Exploring Rag and Multimodal Rag Systems for Efficient Data Processing

- Authors
- Published on
- Published on
In this riveting video from Google Cloud Tech, they delve into the world of Rag, a cutting-edge system that uses llms and Vector databases to tackle text queries with finesse. This ingenious setup involves two key components: ingestion and query, where text is converted into vectors for efficient matching. But hold on, there's more! Enter Multimodal Rag, a beast that can handle not just text but also images and tables, elevating query capabilities to new heights.
The team takes us on a journey through setting up the environment, importing models, and extracting metadata for text and image processing. By incorporating image descriptions through Gemini models, the system can provide accurate answers by searching within images. The power of Multimodal Rag shines through as it deftly handles complex queries, seamlessly blending text and image contexts for a comprehensive understanding.
Through meticulous prompts and a clever fusion of text and image data, the team showcases the system's prowess in delivering precise answers with proper citations. This session serves as a testament to the versatility and potential of Multimodal Rag systems in diverse enterprise scenarios. Viewers are left inspired to explore the realm of Rag and its multimodal variations, primed to unleash its capabilities in their own projects.

Image copyright Youtube

Image copyright Youtube

Image copyright Youtube

Image copyright Youtube
Watch Intro to multimodal RAG systems on Youtube
Viewer Reactions for Intro to multimodal RAG systems
Accent of the presenter is noted as being useful for tutorials
Positive feedback on the video content and Google Cloud Platform
Mention of difficulty in deploying GCP services compared to others
Comment on the maturity of GCP
Mention of a broken GitHub link in the video
Related Articles

Etsy's Revenue Growth: Leveraging Google Cloud for Innovative Infrastructure
Explore how Etsy leverages Google Cloud's flexible infrastructure to support its rapid revenue growth since 2019. Learn about Etsy's innovative service platform, the ESP command line tool, and their strategic choice of Cloud Run for seamless service deployment.
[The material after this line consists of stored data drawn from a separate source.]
(* Let $n_u<n$ be positive integers, $n_b=n-n_u$, $\mathbf{A}\in\mathbb{R}^{n_u\times n_b}$, and $\mathbf{C}=[\mathbf{I}_{n_u}\;\; -\mathbf{A}]\in\mathbb{R}^{n_u\times n}$. Let $p\ge 2$ experts be given; for $j=1,\dots,p$ let $1\le n_j\le n$ and let $\mathbf{L}_j\in\{0,1\}^{n_j\times n}$ be a selection matrix (its rows are distinct rows of $\mathbf{I}_n$), and assume every $i\in\{1,\dots,n\}$ is selected by at least one $\mathbf{L}_j$. Let $m=\sum_{j=1}^p n_j$, $\mathbf{K}=[\mathbf{L}_1^\top\;\cdots\;\mathbf{L}_p^\top]^\top\in\{0,1\}^{m\times n}$, let $\widehat{\mathbf{y}}=[\widehat{\mathbf{y}}^{1\top}\cdots\widehat{\mathbf{y}}^{p\top}]^\top\in\mathbb{R}^m$ with $\widehat{\mathbf{y}}^j\in\mathbb{R}^{n_j}$, and let $\mathbf{W}\in\mathbb{R}^{m\times m}$ be symmetric positive definite. Then the solution of the linearly constrained quadratic program $$\widetilde{\mathbf{y}}^c=\arg\min_{\mathbf{y}\in\mathbb{R}^n}(\widehat{\mathbf{y}}-\mathbf{K}\mathbf{y})^\top\mathbf{W}^{-1}(\widehat{\mathbf{y}}-\mathbf{K}\mathbf{y})\quad\text{s.t. }\mathbf{C}\mathbf{y}=\mathbf{0}_{(n_u\times 1)}$$ is given by $\widetilde{\mathbf{y}}^c=\boldsymbol{\Psi}^\top\widehat{\mathbf{y}}=\mathbf{M}\boldsymbol{\Omega}^\top\widehat{\mathbf{y}}$, where $\mathbf{W}_c=(\mathbf{K}^\top\mathbf{W}^{-1}\mathbf{K})^{-1}$, $\boldsymbol{\Omega}=\mathbf{W}^{-1}\mathbf{K}\mathbf{W}_c$, $\mathbf{M}=\mathbf{I}_n-\mathbf{W}_c\mathbf{C}^\top(\mathbf{C}\mathbf{W}_c\mathbf{C}^\top)^{-1}\mathbf{C}$, and $\boldsymbol{\Psi}^\top=\mathbf{M}\boldsymbol{\Omega}^\top\in\mathbb{R}^{n\times m}$.
   Context: Setting: a linearly constrained multiple time series whose target forecast vector $\mathbf{y}\in\mathbb{R}^n$ must satisfy $\mathbf{C}\mathbf{y}=\mathbf{0}$ (coherence). Expert $j$ provides base forecasts $\widehat{\mathbf{y}}^j$ of the subvector $\mathbf{L}_j\mathbf{y}$; these are stacked ''by expert'' into $\widehat{\mathbf{y}}$, and $\mathbf{W}$ plays the role of the covariance matrix of the base forecast errors $\widehat{\mathbf{y}}-\mathbf{K}\mathbf{y}$. $\widetilde{\mathbf{y}}^c$ is called the optimal (minimum mean square error) linear coherent combined forecast. *)

From HB Require Import structures.
From mathcomp Require Import all_boot all_order all_algebra.
Set Implicit Arguments. Unset Strict Implicit. Unset Printing Implicit Defensive.
Import Order.TTheory GRing.Theory Num.Theory.
Local Open Scope ring_scope.

Definition is_selection (R : ringType) (k n : nat) (L : 'M[R]_(k, n)) : Prop :=
  exists s : 'I_k -> 'I_n, injective s /\
    L = \matrix_(r < k, c < n) (c == s r)%:R.

Definition spd (R : numDomainType) (m : nat) (W : 'M[R]_m) : Prop :=
  W^T = W /\ forall x : 'cV[R]_m, x != 0 -> 0 < (x^T *m W *m x) ord0 ord0.

Definition qloss (R : fieldType) (m n : nat) (W : 'M[R]_m) (K : 'M[R]_(m, n))
  (yhat : 'cV[R]_m) (y : 'cV[R]_n) : R :=
  ((yhat - K *m y)^T *m invmx W *m (yhat - K *m y)) ord0 ord0.

From mathcomp Require Import all_boot all_order all_algebra.
Set Implicit Arguments. Unset Strict Implicit. Unset Printing Implicit Defensive.
Import Order.TTheory GRing.Theory Num.Theory.
Local Open Scope ring_scope.

(* Write Q = W^-1 and G = K^T Q K. Since every coordinate is selected by some
   expert, K has full column rank, so G is positive definite, and so is the
   Schur complement S = C G^-1 C^T because C = [I -A] has full row rank. The candidate yc = G^-1 (K^T Q yhat - C^T lam), with the Lagrange
   multiplier lam = S^-1 C G^-1 K^T Q yhat, is feasible and satisfies the
   normal equations K^T Q (yhat - K yc) = C^T lam. For a feasible y = yc + d
   the cross terms of the loss then vanish, so
   loss (yc + d) = loss yc + d^T G d > loss yc whenever d <> 0. *)

Section SelectionMatrices.
Variable R : nzRingType.

Lemma is_selection_rowsub k n (L : 'M[R]_(k, n)) :
  is_selection L -> exists s : 'I_k -> 'I_n, L = rowsub s 1%:M.
Proof.
case=> s [_ ->]; exists s.
by apply/matrixP => r c; rewrite !mxE eq_sym.
Qed.

Lemma mxcol_selection_inj p (nj : 'I_p -> nat) n
    (L : forall j : 'I_p, 'M[R]_(nj j, n)) (x : 'cV[R]_n) :
  (forall j, is_selection (L j)) ->
  (forall i : 'I_n, exists j, exists r : 'I_(nj j), L j r i = 1) ->
  (\mxcol_j L j) *m x = 0 -> x = 0.
Proof.
move=> Lsel Lcover Kx0; apply/matrixP => i k; rewrite (ord1 k) mxE.
have [j [r Ljri]] := Lcover i; have [s Ls] := is_selection_rowsub (Lsel j).
have sri : s r = i.
  by move: Ljri; rewrite Ls !mxE; case: eqP => // _ /esym/eqP; rewrite oner_eq0.
have Ljx0 : rowsub s x = 0.
  by rewrite rowsubE -Ls -(mxcolK L j) submxcol_mul Kx0 submxcol0.
by have := congr1 (fun X : 'cV_(nj j) => X r 0) Ljx0; rewrite !mxE sri.
Qed.

End SelectionMatrices.

Lemma mul_tr_row_mx1_eq0 (R : pzRingType) m n
    (B : 'M[R]_(m, n)) (z : 'cV[R]_m) :
  ((row_mx 1%:M B)^T *m z == 0) = (z == 0).
Proof.
rewrite tr_row_mx mul_col_mx col_mx_eq0 trmx1 mul1mx.
by apply/andb_idr => /eqP->; rewrite mulmx0.
Qed.

Section PositiveDefinite.
Variable R : numFieldType.

Lemma spd_unitmx m (X : 'M[R]_m) : spd X -> X \in unitmx.
Proof.
case=> _ Xpos; rewrite unitmxE unitfE; apply/det0P => -[v v_neq0 vX0].
have /Xpos : v^T != 0 by rewrite trmx_eq0.
by rewrite trmxK vX0 mul0mx mxE ltxx.
Qed.

Lemma spd_invmx m (X : 'M[R]_m) : spd X -> spd (invmx X).
Proof.
move=> Xspd; have Xunit := spd_unitmx Xspd; case: Xspd => Xsym Xpos.
split=> [|x x_neq0]; first by rewrite trmx_inv Xsym.
set z := invmx X *m x.
have xE : x = X *m z by rewrite mulmxA mulmxV // mul1mx.
have z_neq0 : z != 0 by apply: contraNneq x_neq0 => z0; rewrite xE z0 mulmx0.
rewrite -mulmxA -/z {1}xE trmx_mul Xsym.
exact: Xpos.
Qed.

Lemma spd_congr m n (Q : 'M[R]_m) (K : 'M[R]_(m, n)) :
  (forall x : 'cV[R]_n, K *m x = 0 -> x = 0) -> spd Q -> spd (K^T *m Q *m K).
Proof.
move=> Kinj [Qsym Qpos]; split; first by rewrite !trmx_mul trmxK Qsym mulmxA.
move=> x x_neq0.
have Kx_neq0 : K *m x != 0 by apply: contraNneq x_neq0 => /Kinj ->.
by have := Qpos _ Kx_neq0; rewrite trmx_mul !mulmxA.
Qed.

End PositiveDefinite.

Section ConstrainedGLS.
Variables (R : numFieldType) (m n k : nat).
Variables (W : 'M[R]_m) (K : 'M[R]_(m, n)) (C : 'M[R]_(k, n)) (yhat : 'cV[R]_m).
Hypothesis W_spd : spd W.
Hypothesis K_inj : forall x : 'cV[R]_n, K *m x = 0 -> x = 0.
Hypothesis CT_inj : forall z : 'cV[R]_k, C^T *m z = 0 -> z = 0.

Local Notation Q := (invmx W).
Local Notation G := (K^T *m Q *m K).
Local Notation Wc := (invmx G).
Local Notation S := (C *m Wc *m C^T).
Local Notation b := (K^T *m Q *m yhat).
Local Notation lam := (invmx S *m (C *m Wc *m b)).
Local Notation yc :=
  ((1%:M - Wc *m C^T *m invmx S *m C) *m (Q *m K *m Wc)^T *m yhat).

Lemma gls_info_spd : spd G.
Proof. exact: spd_congr K_inj (spd_invmx W_spd). Qed.

Lemma gls_schur_spd : spd S.
Proof. by have := spd_congr CT_inj (spd_invmx gls_info_spd); rewrite trmxK. Qed.

Lemma gls_solutionE : yc = Wc *m (b - C^T *m lam).
Proof.
have [Wsym _] := W_spd; have [Wcsym _] := spd_invmx gls_info_spd.
by rewrite !trmx_mul Wcsym trmx_inv Wsym mulmxBr !mulmxBl mul1mx !mulmxA.
Qed.

Lemma gls_feasible : C *m yc = 0.
Proof.
have Sunit := spd_unitmx gls_schur_spd.
by rewrite gls_solutionE !mulmxBr !mulmxA mulmxV // mul1mx subrr.
Qed.

Lemma gls_normal_eq : K^T *m Q *m (yhat - K *m yc) = C^T *m lam.
Proof.
have Gunit := spd_unitmx gls_info_spd.
rewrite gls_solutionE mulmxBr [_ *m (K *m _)]mulmxA mulKVmx //.
by rewrite opprB addrC subrK.
Qed.

Lemma qloss_gls_shift d : C *m d = 0 ->
  qloss W K yhat (yc + d) = qloss W K yhat yc + (d^T *m G *m d) 0 0.
Proof.
move=> Cd0; have [Qsym _] := spd_invmx W_spd.
have residualE : yhat - K *m (yc + d) = (yhat - K *m yc) - K *m d.
  by rewrite mulmxDr opprD addrA.
rewrite /qloss residualE; have := gls_normal_eq.
move: (yhat - K *m yc) => r normal_eq.
have cross_dr : (K *m d)^T *m Q *m r = 0.
  have -> : (K *m d)^T *m Q *m r = d^T *m (K^T *m Q *m r).
    by rewrite trmx_mul !mulmxA.
  by rewrite normal_eq mulmxA -trmx_mul Cd0 trmx0 mul0mx.
have cross_rd : r^T *m Q *m (K *m d) = 0.
  have -> : r^T *m Q *m (K *m d) = ((K *m d)^T *m Q *m r)^T.
    by rewrite !trmx_mul !trmxK Qsym -mulmxA.
  by rewrite cross_dr trmx0.
rewrite [(r - _)^T]linearB /= !mulmxBl !mulmxBr cross_dr cross_rd.
rewrite subr0 sub0r opprK.
by rewrite trmx_mul !mulmxA mxE [X in _ + X]mxE.
Qed.

Lemma gls_argmin : C *m yc = 0 /\
  (forall y, C *m y = 0 -> y != yc -> qloss W K yhat yc < qloss W K yhat y).
Proof.
split=> [|y Cy0 y_neq_yc]; first exact: gls_feasible.
have Cd0 : C *m (y - yc) = 0 by rewrite mulmxBr Cy0 gls_feasible subrr.
have d_neq0 : y - yc != 0 by rewrite subr_eq0.
have -> : y = yc + (y - yc) by rewrite addrC subrK.
rewrite qloss_gls_shift // ltrDl.
exact: gls_info_spd.2.
Qed.

End ConstrainedGLS.

Theorem theorem1 (R : realFieldType) (nu nb : nat) (A : 'M[R]_(nu, nb))
  (p : nat) (nj : 'I_p -> nat) (L : forall j : 'I_p, 'M[R]_(nj j, nu + nb))
  (W : 'M[R]_(\sum_(j < p) nj j)) (yhat : 'cV[R]_(\sum_(j < p) nj j)) :
  (0 < nu)%N -> (0 < nb)%N -> (2 <= p)%N ->
  (forall j, 1 <= nj j <= nu + nb)%N ->
  (forall j, is_selection (L j)) ->
  (forall i : 'I_(nu + nb), exists j : 'I_p, exists r : 'I_(nj j), L j r i = 1) ->
  spd W ->
  let C : 'M[R]_(nu, nu + nb) := row_mx 1%:M (- A) in
  let K : 'M[R]_(\sum_(j < p) nj j, nu + nb) := \mxcol_(j < p) L j in
  let Wc := invmx (K^T *m invmx W *m K) in
  let Omega := invmx W *m K *m Wc in
  let M := 1%:M - Wc *m C^T *m invmx (C *m Wc *m C^T) *m C in
  let PsiT := M *m Omega^T in
  let yc := PsiT *m yhat in
  (* yc is the (unique) solution of the constrained problem *)
  C *m yc = 0 /\
  (forall y : 'cV[R]_(nu + nb), C *m y = 0 -> y != yc ->
     qloss W K yhat yc < qloss W K yhat y).
Proof.
move=> _ _ _ _ Lsel Lcover W_spd C K.
apply: gls_argmin => [//|x|z /eqP].
- exact: mxcol_selection_inj.
- by rewrite mul_tr_row_mx1_eq0 => /eqP.
Qed.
Conversational Agents vs. Non-Conversational Agents: Exploring Capabilities
Explore the differences between conversational agents and non-conversational agents. Learn about their capabilities, including prompt templates, state management, and the importance of metadata for functions. Discover how these components work together using a pet care conversational agent example.
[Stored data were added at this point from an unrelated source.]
Lemma image_den_pos (M : Mat) :
  0 < Cnorm2 (mat_det M) -> (forall y, 0 < image_form M y -> Cnorm2 y < 1) ->
  0 < image_den M.
Proof.
  intros Hdet Hbounded.
  destruct (Rlt_or_le 0 (image_den M)) as [Hm | [Hm | Hm]]; [exact Hm | exfalso | exfalso].
  - destruct (image_form_unbounded_of_den_lt0 M Hm) as [y [Hy Hy1]].
    specialize (Hbounded y Hy); lra.
  - destruct (image_form_unbounded_of_den_eq0 M Hdet Hm) as [y [Hy Hy1]].
    specialize (Hbounded y Hy); lra.
Qed.

Lemma image_form_pos_of_disc (M : Mat) (y : C) :
  0 < image_den M -> Cabs (Csub y (image_center M)) < image_radius M ->
  0 < image_form M y.
Proof.
  intros Hm Hy; pose proof (image_form_scaled M y) as Hscaled.
  set (m := image_den M) in *.
  assert (Hr : 0 <= image_radius M).
  { unfold image_radius; apply Rmult_le_pos; [apply Cabs_ge0 | left; apply Rinv_0_lt_compat, Hm]. }
  apply Cabs_lt_iff in Hy; [| exact Hr].
  replace (Csub (Cscale m y) (image_center_num M)) with (Cscale m (Csub y (image_center M)))
    in Hscaled by (unfold image_center; fold m; expand_C; f_equal; field; lra).
  assert (Hrm : m * image_radius M = Cabs (mat_det M))
    by (unfold image_radius; fold m; field; lra).
  rewrite Cnorm2_scale, <- Cabs_sq, <- Hrm in Hscaled.
  assert (Hprod : m * image_form M y
    = m * m * (image_radius M * image_radius M - Cnorm2 (Csub y (image_center M))))
    by (rewrite Hscaled; ring).
  assert (0 < m * image_form M y)
    by (rewrite Hprod; apply Rmult_lt_0_compat; [apply Rmult_lt_0_compat |]; lra).
  nra.
Qed.

Lemma Rle_of_forall_lt (e r1 r2 : R) :
  0 < r1 -> (forall rho, 0 <= rho < r1 -> e + rho < r2) -> e + r1 <= r2.
Proof.
  intros Hr1 H; destruct (Rle_lt_dec (e + r1) r2) as [Hle | Hlt]; [exact Hle | exfalso].
  destruct (Rle_lt_dec r2 e).
  - specialize (H 0); lra.
  - specialize (H (r2 - e)); lra.
Qed.

Lemma disc_subset_dist (c1 c2 : C) (r1 r2 : R) :
  0 < r1 -> (forall y, Cabs (Csub y c1) < r1 -> Cabs (Csub y c2) < r2) ->
  Cabs (Csub c1 c2) + r1 <= r2.
Proof.
  intros Hr1 Hsub; apply Rle_of_forall_lt; [exact Hr1 |]; intros rho Hrho.
  destruct (Cabs_unit_polar (Csub c1 c2)) as [u [Hu Hpolar]].
  set (y := Cadd c1 (Cscale rho u)).
  assert (Hy1 : Csub y c1 = Cscale rho u) by (unfold y; expand_C; f_equal; ring).
  assert (Hy2 : Csub y c2 = Cscale (Cabs (Csub c1 c2) + rho) u).
  { transitivity (Cadd (Csub c1 c2) (Cscale rho u)); [unfold y; expand_C; f_equal; ring |].
    rewrite Hpolar at 1; expand_C; f_equal; ring. }
  pose proof (Cabs_ge0 (Csub c1 c2)).
  specialize (Hsub y).
  rewrite Hy1, Hy2, !Cabs_scale, Hu in Hsub by lra.
  lra.
Qed.

(* Multiplied by [image_den]: the disc g(D) has radius < delta and lies in D. *)
Lemma image_disc_bounds (delta : R) (g : Mobius) :
  maps_disc_into_disc g -> image_disc_radius_lt g delta ->
  Cabs (mat_det (mat_of g)) < delta * image_den (mat_of g) /\
  Cabs (image_center_num (mat_of g)) + Cabs (mat_det (mat_of g)) <= image_den (mat_of g).
Proof.
  intros Hmap [w [r [[Hr Himg] Hrdelta]]].
  assert (Hin : forall y, 0 < image_form (mat_of g) y -> in_disc y /\ Cabs (Csub y w) < r).
  { intros y Hy; destruct (image_form_pos_in_image g y Hy) as [z [Hz [Hden ->]]].
    split; [apply Hmap, Hz | apply Himg; eauto]. }
  assert (Hm : 0 < image_den (mat_of g)).
  { apply image_den_pos; [apply mat_of_det_pos |].
    intros y Hy; destruct (Hin y Hy) as [Hy1 _].
    apply Cabs_lt_iff in Hy1; lra. }
  assert (Hrad : 0 < image_radius (mat_of g)).
  { apply Rdiv_lt_0_compat; [apply Cabs_pos, mat_of_det_pos | exact Hm]. }
  pose proof (disc_subset_dist _ w _ r Hrad
    (fun y Hy => proj2 (Hin y (image_form_pos_of_disc _ y Hm Hy)))) as Hw.
  assert (H0 : Cabs (Csub (image_center (mat_of g)) C0) + image_radius (mat_of g) <= 1).
  { apply disc_subset_dist; [exact Hrad |]; intros y Hy; rewrite Csub_0_r.
    apply Hin, image_form_pos_of_disc; assumption. }
  rewrite Csub_0_r in H0.
  pose proof (Cabs_ge0 (Csub (image_center (mat_of g)) w)).
  unfold image_center, image_radius in *.
  rewrite Cabs_scale in H0 by (left; apply Rinv_0_lt_compat, Hm).
  set (m := image_den (mat_of g)) in *.
  assert (Hinv : 0 < / m) by (apply Rinv_0_lt_compat, Hm).
  assert (Hmm : m * / m = 1) by (field; lra).
  unfold Rdiv in *; split; nra.
Qed.

(** * Shrinking of the image discs *)

Lemma image_den_mul (M G : Mat) :
  image_den G * image_den (mat_mul M G)
  = Cnorm2 (Cadd (Cscale (image_den G) (m22 M)) (Cmul (m21 M) (image_center_num G)))
    - Cnorm2 (mat_det G) * Cnorm2 (m21 M).
Proof.
  destruct M, G; unfold image_den, image_center_num, mat_det, mat_mul; simpl; expand_C; ring.
Qed.

Lemma image_den_mul_lower (M G : Mat) :
  0 < image_den M -> 0 < image_den G ->
  Cabs (image_center_num G) + Cabs (mat_det G) <= image_den G ->
  (Cabs (m22 M) - Cabs (m21 M))
    * (image_den G * (Cabs (m22 M) - Cabs (m21 M)) + 2 * Cabs (m21 M) * Cabs (mat_det G))
  <= image_den (mat_mul M G).
Proof.
  intros HM HG Hcontain; pose proof (image_den_mul M G) as Hmul.
  (* Reverse triangle inequality for |m d + c v|, where |v| <= m - |det G|. *)
  pose proof (Cabs_add_ge (Cscale (image_den G) (m22 M)) (Cmul (m21 M) (image_center_num G)))
    as Htri.
  rewrite Cabs_scale, Cabs_mul in Htri by lra.
  unfold image_den in HM.
  rewrite <- (Cabs_sq (m22 M)), <- (Cabs_sq (m21 M)) in HM.
  rewrite <- (Cabs_sq (m21 M)) in Hmul.
  rewrite <- (Cabs_sq (mat_det G)) in Hmul.
  set (m := image_den G) in *; set (X := Cabs (m22 M)) in *; set (Y := Cabs (m21 M)) in *;
    set (V := Cabs (image_center_num G)) in *; set (Dl := Cabs (mat_det G)) in *.
  assert (HX : 0 <= X) by apply Cabs_ge0; assert (HY : 0 <= Y) by apply Cabs_ge0.
  assert (HV : 0 <= V) by apply Cabs_ge0; assert (HDl : 0 <= Dl) by apply Cabs_ge0.
  assert (HYX : Y < X) by nra.
  assert (Hlow : 0 <= m * (X - Y) + Y * Dl <= m * X - Y * V).
  { split; [nra |]. assert (Y * V <= Y * (m - Dl)) by (apply Rmult_le_compat_l; lra). lra. }
  assert (Hsq : (m * (X - Y) + Y * Dl) * (m * (X - Y) + Y * Dl) <= (m * X - Y * V) * (m * X - Y * V))
    by nra.
  apply (Rmult_le_reg_l m); [exact HG |].
  rewrite Hmul; nra.
Qed.

Lemma shrink_factor_bound (delta m Dl X Y : R) :
  0 < delta < 1 -> 0 <= Y <= X -> 0 <= Dl < delta * m ->
  (1 - delta) * ((X + Y) * (m * (X - Y) + 2 * Y * Dl)) <= 2 * (m - Dl) * (Y * Y + X * X).
Proof.
  intros Hdelta HXY HDl.
  assert (Hm : 0 < m) by nra.
  assert (Hfactor : (X + Y) * (m * (X - Y) + 2 * Y * Dl) <= 2 * m * (Y * Y + X * X)).
  { assert (Y * Dl <= Y * m) by (apply Rmult_le_compat_l; nra).
    assert ((X + Y) * (m * (X - Y) + 2 * Y * Dl) <= (X + Y) * (m * (X - Y) + 2 * Y * m))
      by (apply Rmult_le_compat_l; lra).
    assert ((X + Y) * (X + Y) <= 2 * (Y * Y + X * X)) by nra.
    assert (m * ((X + Y) * (X + Y)) <= m * (2 * (Y * Y + X * X)))
      by (apply Rmult_le_compat_l; lra).
    lra. }
  assert ((1 - delta) * ((X + Y) * (m * (X - Y) + 2 * Y * Dl))
          <= (1 - delta) * (2 * m * (Y * Y + X * X)))
    by (apply Rmult_le_compat_l; lra).
  assert ((1 - delta) * m * (2 * (Y * Y + X * X)) <= (m - Dl) * (2 * (Y * Y + X * X)))
    by (apply Rmult_le_compat_r; nra).
  lra.
Qed.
Mastering Data Analysis: Looker vs Looker Studio Integration
Explore the powerful data analysis tools Looker and Looker Studio in this blog. Discover how Looker excels in data governance and semantic modeling, while Looker Studio offers flexible reporting and visualization capabilities. Learn how the integration of these tools enhances data insights and decision-making.

Mastering Agentic AI: Agents vs. Workflows Explained
Google Cloud Tech explores agentic concepts in AI, distinguishing AI agents from workflows. Learn when to use each and find practical examples on GitHub.